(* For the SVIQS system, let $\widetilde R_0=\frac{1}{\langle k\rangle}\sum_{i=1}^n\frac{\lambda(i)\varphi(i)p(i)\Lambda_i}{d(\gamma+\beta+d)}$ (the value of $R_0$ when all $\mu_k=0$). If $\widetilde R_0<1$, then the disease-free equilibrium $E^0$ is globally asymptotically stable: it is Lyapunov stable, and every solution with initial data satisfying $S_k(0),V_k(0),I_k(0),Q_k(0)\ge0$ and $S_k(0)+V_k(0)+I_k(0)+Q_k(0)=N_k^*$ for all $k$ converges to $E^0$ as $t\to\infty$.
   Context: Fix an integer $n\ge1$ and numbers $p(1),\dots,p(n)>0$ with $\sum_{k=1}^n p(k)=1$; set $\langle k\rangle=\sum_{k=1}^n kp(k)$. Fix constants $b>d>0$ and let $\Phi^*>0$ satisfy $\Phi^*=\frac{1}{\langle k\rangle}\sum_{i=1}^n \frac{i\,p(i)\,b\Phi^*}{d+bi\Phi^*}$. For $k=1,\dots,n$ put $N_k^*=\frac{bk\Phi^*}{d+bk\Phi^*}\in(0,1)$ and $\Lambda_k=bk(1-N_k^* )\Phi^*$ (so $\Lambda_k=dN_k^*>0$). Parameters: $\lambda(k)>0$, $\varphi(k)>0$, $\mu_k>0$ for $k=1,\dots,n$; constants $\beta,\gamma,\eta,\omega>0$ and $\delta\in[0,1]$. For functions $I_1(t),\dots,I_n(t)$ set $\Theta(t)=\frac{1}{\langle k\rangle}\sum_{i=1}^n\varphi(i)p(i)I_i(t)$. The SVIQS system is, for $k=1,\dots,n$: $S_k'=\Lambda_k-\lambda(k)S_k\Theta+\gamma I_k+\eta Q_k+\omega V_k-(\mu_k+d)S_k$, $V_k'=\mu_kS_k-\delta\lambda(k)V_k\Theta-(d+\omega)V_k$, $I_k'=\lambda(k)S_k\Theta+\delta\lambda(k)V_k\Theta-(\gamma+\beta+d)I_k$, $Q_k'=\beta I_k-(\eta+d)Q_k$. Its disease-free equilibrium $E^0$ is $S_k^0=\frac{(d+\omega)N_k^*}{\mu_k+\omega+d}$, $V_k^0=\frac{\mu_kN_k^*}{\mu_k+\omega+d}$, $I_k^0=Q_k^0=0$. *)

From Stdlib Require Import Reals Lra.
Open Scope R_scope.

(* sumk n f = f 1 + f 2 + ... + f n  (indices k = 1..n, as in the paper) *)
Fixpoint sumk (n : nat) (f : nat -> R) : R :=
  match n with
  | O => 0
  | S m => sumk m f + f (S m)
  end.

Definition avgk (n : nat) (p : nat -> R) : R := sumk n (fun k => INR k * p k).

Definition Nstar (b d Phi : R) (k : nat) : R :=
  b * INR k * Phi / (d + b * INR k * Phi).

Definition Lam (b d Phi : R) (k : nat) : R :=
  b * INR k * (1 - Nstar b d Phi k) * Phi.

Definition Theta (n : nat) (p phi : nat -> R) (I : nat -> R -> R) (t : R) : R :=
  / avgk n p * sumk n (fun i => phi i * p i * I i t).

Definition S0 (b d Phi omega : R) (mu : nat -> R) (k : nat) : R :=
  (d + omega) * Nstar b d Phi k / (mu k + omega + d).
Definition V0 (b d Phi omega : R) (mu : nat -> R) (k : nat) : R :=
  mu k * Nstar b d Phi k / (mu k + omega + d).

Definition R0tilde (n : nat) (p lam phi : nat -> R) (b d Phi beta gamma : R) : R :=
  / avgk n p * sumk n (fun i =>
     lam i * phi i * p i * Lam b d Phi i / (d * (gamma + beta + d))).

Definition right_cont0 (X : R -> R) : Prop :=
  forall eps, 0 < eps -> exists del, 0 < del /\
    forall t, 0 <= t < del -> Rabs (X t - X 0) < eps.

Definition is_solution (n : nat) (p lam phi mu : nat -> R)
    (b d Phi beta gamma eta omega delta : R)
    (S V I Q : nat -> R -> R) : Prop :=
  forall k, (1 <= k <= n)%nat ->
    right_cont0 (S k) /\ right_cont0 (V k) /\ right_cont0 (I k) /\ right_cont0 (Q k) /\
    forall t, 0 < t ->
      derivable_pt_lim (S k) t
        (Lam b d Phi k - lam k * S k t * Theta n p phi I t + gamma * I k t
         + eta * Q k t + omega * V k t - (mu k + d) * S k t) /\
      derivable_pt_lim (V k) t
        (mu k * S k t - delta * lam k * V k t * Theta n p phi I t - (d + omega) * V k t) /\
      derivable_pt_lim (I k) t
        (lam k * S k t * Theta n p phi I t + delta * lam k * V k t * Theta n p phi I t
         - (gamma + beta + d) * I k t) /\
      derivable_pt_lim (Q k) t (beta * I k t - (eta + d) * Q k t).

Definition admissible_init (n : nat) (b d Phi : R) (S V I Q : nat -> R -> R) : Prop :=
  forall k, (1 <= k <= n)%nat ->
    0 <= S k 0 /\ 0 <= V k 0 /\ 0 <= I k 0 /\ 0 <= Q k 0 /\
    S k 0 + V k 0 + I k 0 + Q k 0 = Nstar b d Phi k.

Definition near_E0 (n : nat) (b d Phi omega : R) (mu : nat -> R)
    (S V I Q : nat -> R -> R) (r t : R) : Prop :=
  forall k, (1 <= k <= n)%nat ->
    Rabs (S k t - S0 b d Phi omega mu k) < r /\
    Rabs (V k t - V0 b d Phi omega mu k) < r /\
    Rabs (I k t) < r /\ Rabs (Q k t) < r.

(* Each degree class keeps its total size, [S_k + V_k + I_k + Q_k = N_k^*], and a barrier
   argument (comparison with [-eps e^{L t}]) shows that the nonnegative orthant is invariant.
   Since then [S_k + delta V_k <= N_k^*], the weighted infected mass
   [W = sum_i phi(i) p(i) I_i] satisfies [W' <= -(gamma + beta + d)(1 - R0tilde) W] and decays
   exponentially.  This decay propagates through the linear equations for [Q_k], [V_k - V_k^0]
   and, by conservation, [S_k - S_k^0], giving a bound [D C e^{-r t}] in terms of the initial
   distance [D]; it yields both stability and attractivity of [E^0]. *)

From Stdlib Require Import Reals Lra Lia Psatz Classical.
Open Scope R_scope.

--

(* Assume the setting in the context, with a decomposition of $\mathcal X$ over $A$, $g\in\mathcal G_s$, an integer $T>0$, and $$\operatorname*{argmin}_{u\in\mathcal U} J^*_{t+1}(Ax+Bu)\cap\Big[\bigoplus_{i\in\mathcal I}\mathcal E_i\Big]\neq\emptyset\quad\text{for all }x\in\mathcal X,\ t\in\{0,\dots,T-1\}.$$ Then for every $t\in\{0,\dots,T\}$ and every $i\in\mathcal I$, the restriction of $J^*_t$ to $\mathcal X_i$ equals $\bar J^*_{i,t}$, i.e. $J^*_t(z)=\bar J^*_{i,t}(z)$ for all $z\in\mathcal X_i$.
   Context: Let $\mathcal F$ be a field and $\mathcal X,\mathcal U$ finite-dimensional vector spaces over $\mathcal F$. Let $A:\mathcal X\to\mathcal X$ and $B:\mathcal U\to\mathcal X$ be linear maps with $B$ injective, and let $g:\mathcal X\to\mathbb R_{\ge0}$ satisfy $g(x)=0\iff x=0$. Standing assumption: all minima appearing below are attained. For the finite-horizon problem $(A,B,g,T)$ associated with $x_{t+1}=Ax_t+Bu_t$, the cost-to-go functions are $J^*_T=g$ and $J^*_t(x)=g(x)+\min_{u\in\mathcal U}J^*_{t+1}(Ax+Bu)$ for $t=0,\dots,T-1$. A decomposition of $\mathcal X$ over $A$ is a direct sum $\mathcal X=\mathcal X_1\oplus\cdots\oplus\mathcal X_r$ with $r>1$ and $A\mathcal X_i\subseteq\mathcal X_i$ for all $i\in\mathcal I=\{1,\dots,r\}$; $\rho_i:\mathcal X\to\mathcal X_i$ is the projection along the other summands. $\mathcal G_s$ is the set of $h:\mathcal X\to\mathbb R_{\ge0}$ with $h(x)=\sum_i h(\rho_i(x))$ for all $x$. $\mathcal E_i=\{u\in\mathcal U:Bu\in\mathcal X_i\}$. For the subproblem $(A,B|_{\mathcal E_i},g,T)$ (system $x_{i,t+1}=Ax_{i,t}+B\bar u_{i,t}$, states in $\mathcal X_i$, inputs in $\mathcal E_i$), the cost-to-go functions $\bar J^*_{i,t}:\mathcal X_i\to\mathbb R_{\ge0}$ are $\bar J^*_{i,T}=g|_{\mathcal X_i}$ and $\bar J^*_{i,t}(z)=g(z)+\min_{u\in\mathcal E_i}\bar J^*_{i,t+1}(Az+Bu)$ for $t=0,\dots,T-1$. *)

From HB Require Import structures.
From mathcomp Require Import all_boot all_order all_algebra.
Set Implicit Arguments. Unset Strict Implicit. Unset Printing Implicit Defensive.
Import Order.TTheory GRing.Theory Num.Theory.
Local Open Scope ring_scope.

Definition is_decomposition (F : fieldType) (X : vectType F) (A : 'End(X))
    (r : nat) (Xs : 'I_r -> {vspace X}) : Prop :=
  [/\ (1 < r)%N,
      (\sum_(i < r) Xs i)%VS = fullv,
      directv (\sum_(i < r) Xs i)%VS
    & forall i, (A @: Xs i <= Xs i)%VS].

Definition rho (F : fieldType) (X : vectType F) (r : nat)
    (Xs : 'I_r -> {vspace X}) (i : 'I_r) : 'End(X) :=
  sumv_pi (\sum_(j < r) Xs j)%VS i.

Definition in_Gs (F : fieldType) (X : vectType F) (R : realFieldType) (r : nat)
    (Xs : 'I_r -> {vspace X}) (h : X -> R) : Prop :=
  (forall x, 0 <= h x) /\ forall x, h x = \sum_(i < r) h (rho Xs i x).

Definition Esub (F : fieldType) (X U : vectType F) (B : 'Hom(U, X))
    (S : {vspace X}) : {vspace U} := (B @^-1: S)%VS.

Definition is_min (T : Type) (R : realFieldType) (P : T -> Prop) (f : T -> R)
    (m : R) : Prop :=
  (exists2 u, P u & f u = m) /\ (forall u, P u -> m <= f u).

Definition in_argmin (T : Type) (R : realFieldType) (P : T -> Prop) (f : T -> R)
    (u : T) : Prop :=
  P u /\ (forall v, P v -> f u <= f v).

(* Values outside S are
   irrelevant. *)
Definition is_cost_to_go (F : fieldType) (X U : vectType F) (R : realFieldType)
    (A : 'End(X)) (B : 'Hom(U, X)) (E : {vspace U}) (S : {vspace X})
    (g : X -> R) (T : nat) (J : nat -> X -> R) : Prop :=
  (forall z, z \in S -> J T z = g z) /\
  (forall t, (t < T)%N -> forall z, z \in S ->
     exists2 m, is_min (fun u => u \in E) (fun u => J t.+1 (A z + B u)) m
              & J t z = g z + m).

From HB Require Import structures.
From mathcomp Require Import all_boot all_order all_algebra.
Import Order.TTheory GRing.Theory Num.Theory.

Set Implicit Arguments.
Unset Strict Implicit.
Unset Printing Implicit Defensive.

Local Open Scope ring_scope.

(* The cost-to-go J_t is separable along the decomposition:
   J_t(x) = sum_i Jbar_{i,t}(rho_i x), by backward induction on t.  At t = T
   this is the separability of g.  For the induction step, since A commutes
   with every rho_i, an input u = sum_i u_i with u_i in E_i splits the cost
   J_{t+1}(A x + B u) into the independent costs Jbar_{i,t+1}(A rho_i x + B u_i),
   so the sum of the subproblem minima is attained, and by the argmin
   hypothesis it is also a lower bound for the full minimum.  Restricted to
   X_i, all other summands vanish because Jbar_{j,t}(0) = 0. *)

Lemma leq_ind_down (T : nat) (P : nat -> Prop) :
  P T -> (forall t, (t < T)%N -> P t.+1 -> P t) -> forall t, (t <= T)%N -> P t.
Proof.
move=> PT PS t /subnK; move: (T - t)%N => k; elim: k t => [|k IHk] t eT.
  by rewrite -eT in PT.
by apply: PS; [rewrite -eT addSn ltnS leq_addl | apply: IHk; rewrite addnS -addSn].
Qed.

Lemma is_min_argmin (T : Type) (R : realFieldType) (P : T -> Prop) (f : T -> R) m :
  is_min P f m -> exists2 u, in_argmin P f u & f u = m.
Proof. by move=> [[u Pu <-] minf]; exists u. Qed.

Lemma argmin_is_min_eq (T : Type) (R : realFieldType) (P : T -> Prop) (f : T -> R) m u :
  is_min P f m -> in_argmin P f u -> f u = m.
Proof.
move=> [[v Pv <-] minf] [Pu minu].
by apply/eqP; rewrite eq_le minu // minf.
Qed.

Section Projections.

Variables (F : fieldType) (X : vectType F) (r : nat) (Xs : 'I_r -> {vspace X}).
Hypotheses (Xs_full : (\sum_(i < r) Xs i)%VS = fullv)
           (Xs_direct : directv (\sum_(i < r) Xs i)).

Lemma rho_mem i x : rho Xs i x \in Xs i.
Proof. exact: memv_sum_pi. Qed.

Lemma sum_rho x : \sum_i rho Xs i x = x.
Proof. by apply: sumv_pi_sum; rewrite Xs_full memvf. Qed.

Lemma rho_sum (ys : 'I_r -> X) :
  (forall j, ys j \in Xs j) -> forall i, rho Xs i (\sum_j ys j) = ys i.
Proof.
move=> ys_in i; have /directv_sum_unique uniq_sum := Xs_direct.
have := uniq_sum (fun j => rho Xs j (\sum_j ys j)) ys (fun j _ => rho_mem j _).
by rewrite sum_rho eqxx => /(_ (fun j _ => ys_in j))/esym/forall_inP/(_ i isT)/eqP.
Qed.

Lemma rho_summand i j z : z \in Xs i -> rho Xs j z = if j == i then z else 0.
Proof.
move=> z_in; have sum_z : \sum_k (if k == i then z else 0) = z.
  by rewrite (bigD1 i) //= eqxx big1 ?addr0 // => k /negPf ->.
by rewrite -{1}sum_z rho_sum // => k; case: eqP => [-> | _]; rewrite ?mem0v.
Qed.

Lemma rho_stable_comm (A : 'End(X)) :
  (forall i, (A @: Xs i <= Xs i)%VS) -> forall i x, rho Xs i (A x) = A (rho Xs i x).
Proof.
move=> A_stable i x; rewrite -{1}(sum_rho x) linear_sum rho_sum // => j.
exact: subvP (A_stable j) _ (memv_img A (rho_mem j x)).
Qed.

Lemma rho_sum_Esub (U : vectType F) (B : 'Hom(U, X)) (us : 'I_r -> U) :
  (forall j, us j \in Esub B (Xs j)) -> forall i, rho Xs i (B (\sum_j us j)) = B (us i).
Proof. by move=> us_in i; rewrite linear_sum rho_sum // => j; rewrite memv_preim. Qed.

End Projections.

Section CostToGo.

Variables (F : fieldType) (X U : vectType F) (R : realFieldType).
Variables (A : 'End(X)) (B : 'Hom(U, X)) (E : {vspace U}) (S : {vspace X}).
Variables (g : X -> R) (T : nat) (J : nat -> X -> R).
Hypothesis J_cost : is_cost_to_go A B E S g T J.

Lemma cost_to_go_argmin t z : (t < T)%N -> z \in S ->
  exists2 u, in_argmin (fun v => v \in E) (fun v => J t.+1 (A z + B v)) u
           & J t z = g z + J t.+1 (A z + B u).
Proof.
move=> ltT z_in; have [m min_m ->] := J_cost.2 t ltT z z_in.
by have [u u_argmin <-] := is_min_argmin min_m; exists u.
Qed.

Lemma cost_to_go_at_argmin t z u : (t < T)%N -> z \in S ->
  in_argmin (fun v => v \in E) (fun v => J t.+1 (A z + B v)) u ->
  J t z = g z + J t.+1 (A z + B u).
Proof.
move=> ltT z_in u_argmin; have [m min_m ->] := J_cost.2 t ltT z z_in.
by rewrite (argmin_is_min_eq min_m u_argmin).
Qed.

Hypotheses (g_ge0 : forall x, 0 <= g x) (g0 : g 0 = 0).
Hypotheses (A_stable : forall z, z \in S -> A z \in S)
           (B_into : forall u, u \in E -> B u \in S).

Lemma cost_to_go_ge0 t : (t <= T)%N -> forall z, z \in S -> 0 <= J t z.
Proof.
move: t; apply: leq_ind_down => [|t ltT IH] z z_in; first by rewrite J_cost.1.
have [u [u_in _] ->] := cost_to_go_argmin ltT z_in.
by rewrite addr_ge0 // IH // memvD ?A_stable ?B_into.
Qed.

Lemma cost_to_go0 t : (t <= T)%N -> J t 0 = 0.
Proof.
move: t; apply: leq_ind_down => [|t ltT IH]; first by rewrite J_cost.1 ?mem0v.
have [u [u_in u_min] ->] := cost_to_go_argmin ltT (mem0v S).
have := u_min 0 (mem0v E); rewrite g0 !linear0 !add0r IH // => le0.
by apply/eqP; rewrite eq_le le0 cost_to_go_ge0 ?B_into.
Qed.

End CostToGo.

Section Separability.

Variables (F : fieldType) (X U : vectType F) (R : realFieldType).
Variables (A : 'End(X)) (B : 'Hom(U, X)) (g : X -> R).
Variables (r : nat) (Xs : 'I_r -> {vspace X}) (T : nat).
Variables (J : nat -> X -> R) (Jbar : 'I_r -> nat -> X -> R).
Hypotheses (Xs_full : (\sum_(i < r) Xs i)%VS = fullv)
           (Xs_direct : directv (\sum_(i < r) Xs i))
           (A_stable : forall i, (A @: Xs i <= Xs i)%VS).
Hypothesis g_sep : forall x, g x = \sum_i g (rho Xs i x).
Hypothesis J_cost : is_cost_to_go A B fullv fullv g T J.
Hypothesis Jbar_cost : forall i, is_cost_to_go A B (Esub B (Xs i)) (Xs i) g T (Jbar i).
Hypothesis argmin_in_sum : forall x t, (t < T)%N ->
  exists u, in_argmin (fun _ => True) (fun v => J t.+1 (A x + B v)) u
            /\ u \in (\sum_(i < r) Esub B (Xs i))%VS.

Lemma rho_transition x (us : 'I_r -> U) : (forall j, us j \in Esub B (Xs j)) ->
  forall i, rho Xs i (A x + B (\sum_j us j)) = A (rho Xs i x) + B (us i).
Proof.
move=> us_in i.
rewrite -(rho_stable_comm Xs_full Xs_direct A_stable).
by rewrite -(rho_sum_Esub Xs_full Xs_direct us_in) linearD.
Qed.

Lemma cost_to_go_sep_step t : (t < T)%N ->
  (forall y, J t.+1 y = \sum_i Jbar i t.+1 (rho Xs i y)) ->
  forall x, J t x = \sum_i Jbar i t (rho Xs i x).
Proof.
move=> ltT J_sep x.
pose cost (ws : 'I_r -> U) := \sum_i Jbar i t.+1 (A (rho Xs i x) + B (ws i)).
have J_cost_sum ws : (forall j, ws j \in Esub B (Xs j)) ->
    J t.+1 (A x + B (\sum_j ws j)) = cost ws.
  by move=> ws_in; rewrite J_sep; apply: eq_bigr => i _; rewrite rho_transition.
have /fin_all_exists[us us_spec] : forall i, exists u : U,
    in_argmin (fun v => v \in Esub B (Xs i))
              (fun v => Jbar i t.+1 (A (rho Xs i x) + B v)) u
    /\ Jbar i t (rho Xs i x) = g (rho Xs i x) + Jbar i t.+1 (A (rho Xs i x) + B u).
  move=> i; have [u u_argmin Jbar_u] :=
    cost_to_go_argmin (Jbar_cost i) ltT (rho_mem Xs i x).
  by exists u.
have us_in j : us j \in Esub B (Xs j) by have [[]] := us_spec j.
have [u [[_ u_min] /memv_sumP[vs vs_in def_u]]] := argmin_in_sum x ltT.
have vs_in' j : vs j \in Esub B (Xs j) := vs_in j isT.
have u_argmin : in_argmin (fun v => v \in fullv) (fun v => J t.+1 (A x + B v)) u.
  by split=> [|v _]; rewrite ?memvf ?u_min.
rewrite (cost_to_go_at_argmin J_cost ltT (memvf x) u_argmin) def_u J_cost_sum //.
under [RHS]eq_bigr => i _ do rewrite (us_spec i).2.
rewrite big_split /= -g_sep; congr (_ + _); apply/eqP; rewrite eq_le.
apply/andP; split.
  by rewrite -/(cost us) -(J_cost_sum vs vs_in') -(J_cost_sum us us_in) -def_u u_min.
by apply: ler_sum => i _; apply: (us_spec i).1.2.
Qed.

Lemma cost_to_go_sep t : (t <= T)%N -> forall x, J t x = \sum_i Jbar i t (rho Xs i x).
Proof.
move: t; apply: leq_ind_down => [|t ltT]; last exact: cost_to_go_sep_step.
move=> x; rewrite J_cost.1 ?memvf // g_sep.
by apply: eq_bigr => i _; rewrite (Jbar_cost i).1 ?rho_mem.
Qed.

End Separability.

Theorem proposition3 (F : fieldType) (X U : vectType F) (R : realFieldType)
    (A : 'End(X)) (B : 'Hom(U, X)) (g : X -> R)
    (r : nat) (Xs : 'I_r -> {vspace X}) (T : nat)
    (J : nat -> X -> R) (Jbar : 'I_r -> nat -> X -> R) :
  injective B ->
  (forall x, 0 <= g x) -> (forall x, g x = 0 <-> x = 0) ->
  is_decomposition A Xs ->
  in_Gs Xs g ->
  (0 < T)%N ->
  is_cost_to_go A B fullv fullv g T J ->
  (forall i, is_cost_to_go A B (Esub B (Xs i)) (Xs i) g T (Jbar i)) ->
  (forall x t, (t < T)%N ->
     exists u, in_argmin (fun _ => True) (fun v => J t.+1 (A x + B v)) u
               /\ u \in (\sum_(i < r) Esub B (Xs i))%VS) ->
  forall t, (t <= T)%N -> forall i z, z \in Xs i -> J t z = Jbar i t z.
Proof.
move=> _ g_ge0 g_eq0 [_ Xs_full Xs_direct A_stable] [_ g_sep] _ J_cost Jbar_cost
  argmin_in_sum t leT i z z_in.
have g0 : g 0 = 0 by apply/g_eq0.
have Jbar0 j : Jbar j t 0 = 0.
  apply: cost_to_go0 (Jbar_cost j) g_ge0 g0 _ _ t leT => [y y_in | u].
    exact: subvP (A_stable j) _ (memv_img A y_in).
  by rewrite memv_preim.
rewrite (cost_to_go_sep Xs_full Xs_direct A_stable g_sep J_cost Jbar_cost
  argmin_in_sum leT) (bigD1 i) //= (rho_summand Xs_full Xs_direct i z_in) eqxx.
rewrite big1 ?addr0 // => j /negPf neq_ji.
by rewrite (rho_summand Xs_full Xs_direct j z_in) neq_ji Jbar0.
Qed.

— Exercise prompt —
In the material above, locate the line containing "Definition Lam (b" and the line containing "(Lam b d Phi". Transcribe exactly those two lines and every line between them, and nothing more.

— Output for this task —
Definition Lam (b d Phi : R) (k : nat) : R :=
  b * INR k * (1 - Nstar b d Phi k) * Phi.

Definition Theta (n : nat) (p phi : nat -> R) (I : nat -> R -> R) (t : R) : R :=
  / avgk n p * sumk n (fun i => phi i * p i * I i t).

Definition S0 (b d Phi omega : R) (mu : nat -> R) (k : nat) : R :=
  (d + omega) * Nstar b d Phi k / (mu k + omega + d).
Definition V0 (b d Phi omega : R) (mu : nat -> R) (k : nat) : R :=
  mu k * Nstar b d Phi k / (mu k + omega + d).

Definition R0tilde (n : nat) (p lam phi : nat -> R) (b d Phi beta gamma : R) : R :=
  / avgk n p * sumk n (fun i =>
     lam i * phi i * p i * Lam b d Phi i / (d * (gamma + beta + d))).

Definition right_cont0 (X : R -> R) : Prop :=
  forall eps, 0 < eps -> exists del, 0 < del /\
    forall t, 0 <= t < del -> Rabs (X t - X 0) < eps.

Definition is_solution (n : nat) (p lam phi mu : nat -> R)
    (b d Phi beta gamma eta omega delta : R)
    (S V I Q : nat -> R -> R) : Prop :=
  forall k, (1 <= k <= n)%nat ->
    right_cont0 (S k) /\ right_cont0 (V k) /\ right_cont0 (I k) /\ right_cont0 (Q k) /\
    forall t, 0 < t ->
      derivable_pt_lim (S k) t
        (Lam b d Phi k - lam k * S k t * Theta n p phi I t + gamma * I k t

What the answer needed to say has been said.